Fingerprints enable de-duplication and persistent suppression without path coupling.

Suppression List

Optional file: .aetherra/workflow_suppressions.txt

Format: one fingerprint per line. Lines starting with # ignored; inline comments allowed after whitespace.

Example:

# Experimental quantum workflows under redesign
a1b2c3d4e5f67890  # deprecated goal syntax
deadbeefcafe1234  # awaiting plugin migration

Suppressed failures are recategorized as Suppressed-<OriginalCategory> and counted separately (suppressed_failures field in JSON summary). They still surface in artifacts but can be excluded from gating decisions.

Guidelines:

  1. Only suppress when a remediation plan + owner exist.
  2. Remove entry immediately after fix merges.
  3. Avoid mass suppression (anti-signal). Prefer targeted migrations.

Regression Gate Script

tools/parse_baseline_regression_gate.py compares a new parse baseline vs a reference and fails if both thresholds are exceeded for a targeted code (PARSE_ERROR, VALIDATION_ERROR):

  • Absolute increase > --abs-threshold (default 5) AND
  • Relative increase > --rel-threshold (default 0.10 = 10%)

Usage:

python tools\parse_baseline_regression_gate.py --new parse_baseline.json --ref main_parse_baseline.json

Sample output:

{
  "ok": false,
  "timestamp": "2025-09-13T10:15:22.123456+00:00",
  "new_counts": {"PARSE_ERROR": 1810, "VALIDATION_ERROR": 42},
  "ref_counts": {"PARSE_ERROR": 1800, "VALIDATION_ERROR": 30},
  "abs_threshold": 5,
  "rel_threshold": 0.1,
  "regressions": [
    {"code": "VALIDATION_ERROR", "old": 30, "new": 42, "delta": 12, "relative_increase": 0.4}
  ]
}

Exit codes:

Code Meaning
0 No regression detected
1 Regression (threshold exceeded)
2 Usage / input error

Recommended CI Flow:

  1. Generate new baseline (parse-only) → parse_baseline.json.
  2. Download/reference main branch baseline (artifact cache) → ref.json.
  3. Run regression gate script.
  4. Fail PR if exit code = 1 (after stabilization period).

Timezone-Aware Timestamps

All new structured outputs use datetime.now(UTC).isoformat() eliminating naive utcnow() usage for clarity and future DST-safety in analytics.

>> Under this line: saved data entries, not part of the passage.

(* Let $\mathbb{F}$ be a finite field. For every $k\in\mathbb{N}$ there exists a CMSO formula $\mathrm{cc}(X,Z,\langle Y_1\rangle,\dots,\langle Y_k\rangle)$ over $\Sigma_{\mathbb{F}}$ such that for every matrix $A$ over $\mathbb{F}$, all sets $S\subseteq T$ of columns of $A$ and all virtual columns $\langle Q_1\rangle,\dots,\langle Q_k\rangle$ of $\mathcal{S}(A)$, we have $\mathcal{S}(A)\models\mathrm{cc}(S,T,\langle Q_1\rangle,\dots,\langle Q_k\rangle)$ if and only if $S$ is a connected component of the restriction $M(A,\{v(\langle Q_1\rangle),\dots,v(\langle Q_k\rangle)\})[T]$.
   Context: $\Sigma_{\mathbb{F}}$ has unary symbols $R,C$ and binary symbols $\mathrm{Entry}_\alpha$ ($\alpha\in\mathbb{F}$). For a matrix $A$ with rows $r_1,\dots,r_m$, $\mathcal{S}(A)$ has universe rows $\cup$ columns, $R$ = rows, $C$ = columns, $\mathrm{Entry}_\alpha=\{(r,c):A(r,c)=\alpha\}$. CMSO is monadic second-order logic with predicates $\mathrm{mod}_{a,b}(X)$ meaning $|X|\equiv a\pmod b$. A virtual column is a family $\langle Q\rangle=\{Q_\alpha\}_{\alpha\in\mathbb{F}}$ of pairwise disjoint sets of rows covering all rows, with vector $v(\langle Q\rangle)\in\mathbb{F}^m$ whose $i$-th coordinate is $\alpha$ where $r_i\in Q_\alpha$; in formulas it is an $\mathbb{F}$-indexed tuple of set variables. For $v_1,\dots,v_k\in\mathbb{F}^m$, $M(A,\{v_1,\dots,v_k\})$ is the matroid on the columns of $A$ in which a set $\{u_1,\dots,u_\ell\}$ is dependent iff there exist $\alpha_i$, not all $0$, with $\sum_i\alpha_iu_i\in\mathrm{span}(v_1,\dots,v_k)$. $M[T]$ is the restriction to $T$; a connected component is an inclusion-wise maximal set any two elements of which lie in a common circuit. *)

From HB Require Import structures.
From mathcomp Require Import all_boot all_order all_algebra.
Set Implicit Arguments. Unset Strict Implicit. Unset Printing Implicit Defensive.
Import GRing.Theory.
Local Open Scope ring_scope.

Roadmap Additions (Potential)

  • Auto-generate suppression template for top N fingerprints lacking coverage.
  • Fingerprint aging (auto-expire entries > X days old).
  • Enrich semantic validation (unknown variables, reserved keyword misuse).
  • Hard fail CI on introduction of any new INTERNAL_ERROR code immediately.